◆ Information provided:
Lemma polyring_monomialE (p : PolyRing V) : p = \sum_(k <- msupp p) monomial k p@_k.
Proof. by rewrite {1}(monalgE p); apply: eq_bigr => k _; rewrite monomialE. Qed.

Lemma cmonom_split k w : w \in finsupp k -> k = mulcm (ucm w) (divcm k (ucm w)).
Proof.
move=> wk; apply/eqP/cmP => i; rewrite mulcmE divcmE ucmE.
case: eqP => [<-|_]; last by rewrite subn0.
by move: wk; rewrite -cmE_neq0 -lt0n add1n subn1 => /prednK.
Qed.

Lemma polyring_ind (P : PolyRing V -> Prop) :
  (forall p q, P p -> P q -> P (p + q)) -> (forall c, P c%:MP) ->
  (forall w q, P q -> P (var w * q)) -> forall p, P p.
Proof.
move=> PD PC PV p; rewrite (polyring_monomialE p); apply: big_ind => [|//|k _].
  by have := PC 0; rewrite -monomial1 raddf0.
move: (p@_k) => c; elim: {k}(mdeg k) {-2}k (leqnn (mdeg k)) => [|N IHN] k.
  by rewrite leqn0 mdeg_eq0 => /eqP->; rewrite monomial1; apply: PC.
have [k0|[w wk]] := fset_0Vmem (finsupp k).
  by rewrite (@mdeg_eq0I _ k) ?mdegE ?k0 ?big_nil // monomial1.
rewrite (cmonom_split wk) mdegM mdegU add1n ltnS => le.
by have := PV w _ (IHN _ le); rewrite var_monomial monomialM mul1r.
Qed.
End Monomials.

Section Substitution.
Variables (V W : choiceType) (s : V -> PolyRing W).

Definition monom_subst (k : cmonom V) : PolyRing W := \prod_(v <- finsupp k) s v ^+ k v.

Lemma monom_substEw (k : cmonom V) (S : {fset V}) : (finsupp k `<=` S)%fset ->
  monom_subst k = \prod_(v <- S) s v ^+ k v.
Proof.
move=> le; rewrite /monom_subst (big_fset_incl _ le) // => x _.
by rewrite -cmE_eq0 => /eqP ->; rewrite expr0.
Qed.

Lemma monom_subst_is_mmorphism : mmorphism monom_subst.
Proof.
split=> [k l|]; last by rewrite /monom_subst mdom1 big_nil.
rewrite (@monom_substEw _ (finsupp k `|` finsupp l)%fset) ?mdomD //.
rewrite (monom_substEw (fsubsetUl (finsupp k) (finsupp l))).
rewrite (monom_substEw (fsubsetUr (finsupp k) (finsupp l))) -big_split.
by apply: eq_bigr => v _; rewrite cmM exprD.
Qed.

HB.instance Definition _ := isMultiplicative.Build (cmonom V) (PolyRing W)
  monom_subst monom_subst_is_mmorphism.

Definition subst : PolyRing V -> PolyRing W := mmap (@malgC (cmonom W) C) monom_subst.

HB.instance Definition _ :=
  GRing.RMorphism.copy subst (mmap (@malgC (cmonom W) C) monom_subst).

Lemma subst_var v : subst (var v) = s v.
Proof.
by rewrite /subst /var mmapU /= mpolyC1E mul1r /monom_subst mdomU big_seq_fset1 cmUU.
Qed.

Lemma substC c : subst c%:MP = c%:MP.
Proof. exact: mmapC. Qed.
End Substitution.

Section Rename.
Variables (V W : choiceType) (sigma : V -> W).

Lemma renameE : rename sigma =1 subst (fun v => var (sigma v)).
Proof. by move=> p; rewrite /subst mmapE; apply: eq_bigr => k _; rewrite mul_malgC. Qed.

Lemma rename_is_zmod_morphism : zmod_morphism (rename sigma).
Proof. by move=> p q; rewrite !renameE rmorphB. Qed.

Lemma rename_is_monoid_morphism : monoid_morphism (rename sigma).
Proof. by split=> [|p q]; rewrite !renameE (rmorph1, rmorphM). Qed.

HB.instance Definition _ := GRing.isZmodMorphism.Build (PolyRing V) (PolyRing W)
  (rename sigma) rename_is_zmod_morphism.
HB.instance Definition _ := GRing.isMonoidMorphism.Build (PolyRing V) (PolyRing W)
  (rename sigma) rename_is_monoid_morphism.

Lemma rename_var v : rename sigma (var v) = var (sigma v).
Proof. by rewrite renameE subst_var. Qed.

Lemma renameC c : rename sigma c%:MP = c%:MP.
Proof. by rewrite renameE substC. Qed.
End Rename.

Lemma polyring_rmorph_eq (V : choiceType) (S : pzRingType)
    (F G : {rmorphism PolyRing V -> S}) :
  (forall c, F c%:MP = G c%:MP) -> (forall v, F (var v) = G (var v)) -> F =1 G.
Proof.
move=> FGC FGvar; apply: polyring_ind => [p q Fp Fq|//|w q Fq].
  by rewrite !rmorphD Fp Fq.
by rewrite !rmorphM FGvar Fq.
Qed.

Definition leibniz (R S : pzRingType) (e d : R -> S) :=
  forall a b, d (a * b) = e a * d b + e b * d a.

Lemma leibniz_rmorph (R S T : pzRingType) (phi : {rmorphism S -> T}) (e d : R -> S) :
  leibniz e d -> leibniz (phi \o e) (phi \o d).
Proof. by move=> Ld a b /=; rewrite Ld rmorphD !rmorphM. Qed.

Section TotalDerivative.
Variables (V W : choiceType) (e : {rmorphism PolyRing V -> PolyRing W}) (dv : V -> W).

Definition tot_deriv_monom (k : cmonom V) (c : C) : PolyRing W :=
  \sum_(w <- finsupp k) e (monomial (divcm k (ucm w)) (c *+ k w)) * var (dv w).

◆ Instructions to follow:
Please print out every entry again, exactly as it reads.

◆ Task answer:
Lemma polyring_monomialE (p : PolyRing V) : p = \sum_(k <- msupp p) monomial k p@_k.
Proof. by rewrite {1}(monalgE p); apply: eq_bigr => k _; rewrite monomialE. Qed.

Lemma cmonom_split k w : w \in finsupp k -> k = mulcm (ucm w) (divcm k (ucm w)).
Proof.
move=> wk; apply/eqP/cmP => i; rewrite mulcmE divcmE ucmE.
case: eqP => [<-|_]; last by rewrite subn0.
by move: wk; rewrite -cmE_neq0 -lt0n add1n subn1 => /prednK.
Qed.

Lemma polyring_ind (P : PolyRing V -> Prop) :
  (forall p q, P p -> P q -> P (p + q)) -> (forall c, P c%:MP) ->
  (forall w q, P q -> P (var w * q)) -> forall p, P p.
Proof.
move=> PD PC PV p; rewrite (polyring_monomialE p); apply: big_ind => [|//|k _].
  by have := PC 0; rewrite -monomial1 raddf0.
move: (p@_k) => c; elim: {k}(mdeg k) {-2}k (leqnn (mdeg k)) => [|N IHN] k.
  by rewrite leqn0 mdeg_eq0 => /eqP->; rewrite monomial1; apply: PC.
have [k0|[w wk]] := fset_0Vmem (finsupp k).
  by rewrite (@mdeg_eq0I _ k) ?mdegE ?k0 ?big_nil // monomial1.
rewrite (cmonom_split wk) mdegM mdegU add1n ltnS => le.
by have := PV w _ (IHN _ le); rewrite var_monomial monomialM mul1r.
Qed.
End Monomials.

Section Substitution.
Variables (V W : choiceType) (s : V -> PolyRing W).

Definition monom_subst (k : cmonom V) : PolyRing W := \prod_(v <- finsupp k) s v ^+ k v.

Lemma monom_substEw (k : cmonom V) (S : {fset V}) : (finsupp k `<=` S)%fset ->
  monom_subst k = \prod_(v <- S) s v ^+ k v.
Proof.
move=> le; rewrite /monom_subst (big_fset_incl _ le) // => x _.
by rewrite -cmE_eq0 => /eqP ->; rewrite expr0.
Qed.

Lemma monom_subst_is_mmorphism : mmorphism monom_subst.
Proof.
split=> [k l|]; last by rewrite /monom_subst mdom1 big_nil.
rewrite (@monom_substEw _ (finsupp k `|` finsupp l)%fset) ?mdomD //.
rewrite (monom_substEw (fsubsetUl (finsupp k) (finsupp l))).
rewrite (monom_substEw (fsubsetUr (finsupp k) (finsupp l))) -big_split.
by apply: eq_bigr => v _; rewrite cmM exprD.
Qed.

HB.instance Definition _ := isMultiplicative.Build (cmonom V) (PolyRing W)
  monom_subst monom_subst_is_mmorphism.

Definition subst : PolyRing V -> PolyRing W := mmap (@malgC (cmonom W) C) monom_subst.

HB.instance Definition _ :=
  GRing.RMorphism.copy subst (mmap (@malgC (cmonom W) C) monom_subst).

Lemma subst_var v : subst (var v) = s v.
Proof.
by rewrite /subst /var mmapU /= mpolyC1E mul1r /monom_subst mdomU big_seq_fset1 cmUU.
Qed.

Lemma substC c : subst c%:MP = c%:MP.
Proof. exact: mmapC. Qed.
End Substitution.

Section Rename.
Variables (V W : choiceType) (sigma : V -> W).

Lemma renameE : rename sigma =1 subst (fun v => var (sigma v)).
Proof. by move=> p; rewrite /subst mmapE; apply: eq_bigr => k _; rewrite mul_malgC. Qed.

Lemma rename_is_zmod_morphism : zmod_morphism (rename sigma).
Proof. by move=> p q; rewrite !renameE rmorphB. Qed.

Lemma rename_is_monoid_morphism : monoid_morphism (rename sigma).
Proof. by split=> [|p q]; rewrite !renameE (rmorph1, rmorphM). Qed.

HB.instance Definition _ := GRing.isZmodMorphism.Build (PolyRing V) (PolyRing W)
  (rename sigma) rename_is_zmod_morphism.
HB.instance Definition _ := GRing.isMonoidMorphism.Build (PolyRing V) (PolyRing W)
  (rename sigma) rename_is_monoid_morphism.

Lemma rename_var v : rename sigma (var v) = var (sigma v).
Proof. by rewrite renameE subst_var. Qed.

Lemma renameC c : rename sigma c%:MP = c%:MP.
Proof. by rewrite renameE substC. Qed.
End Rename.

Lemma polyring_rmorph_eq (V : choiceType) (S : pzRingType)
    (F G : {rmorphism PolyRing V -> S}) :
  (forall c, F c%:MP = G c%:MP) -> (forall v, F (var v) = G (var v)) -> F =1 G.
Proof.
move=> FGC FGvar; apply: polyring_ind => [p q Fp Fq|//|w q Fq].
  by rewrite !rmorphD Fp Fq.
by rewrite !rmorphM FGvar Fq.
Qed.

Definition leibniz (R S : pzRingType) (e d : R -> S) :=
  forall a b, d (a * b) = e a * d b + e b * d a.

Lemma leibniz_rmorph (R S T : pzRingType) (phi : {rmorphism S -> T}) (e d : R -> S) :
  leibniz e d -> leibniz (phi \o e) (phi \o d).
Proof. by move=> Ld a b /=; rewrite Ld rmorphD !rmorphM. Qed.

Section TotalDerivative.
Variables (V W : choiceType) (e : {rmorphism PolyRing V -> PolyRing W}) (dv : V -> W).

Definition tot_deriv_monom (k : cmonom V) (c : C) : PolyRing W :=
  \sum_(w <- finsupp k) e (monomial (divcm k (ucm w)) (c *+ k w)) * var (dv w).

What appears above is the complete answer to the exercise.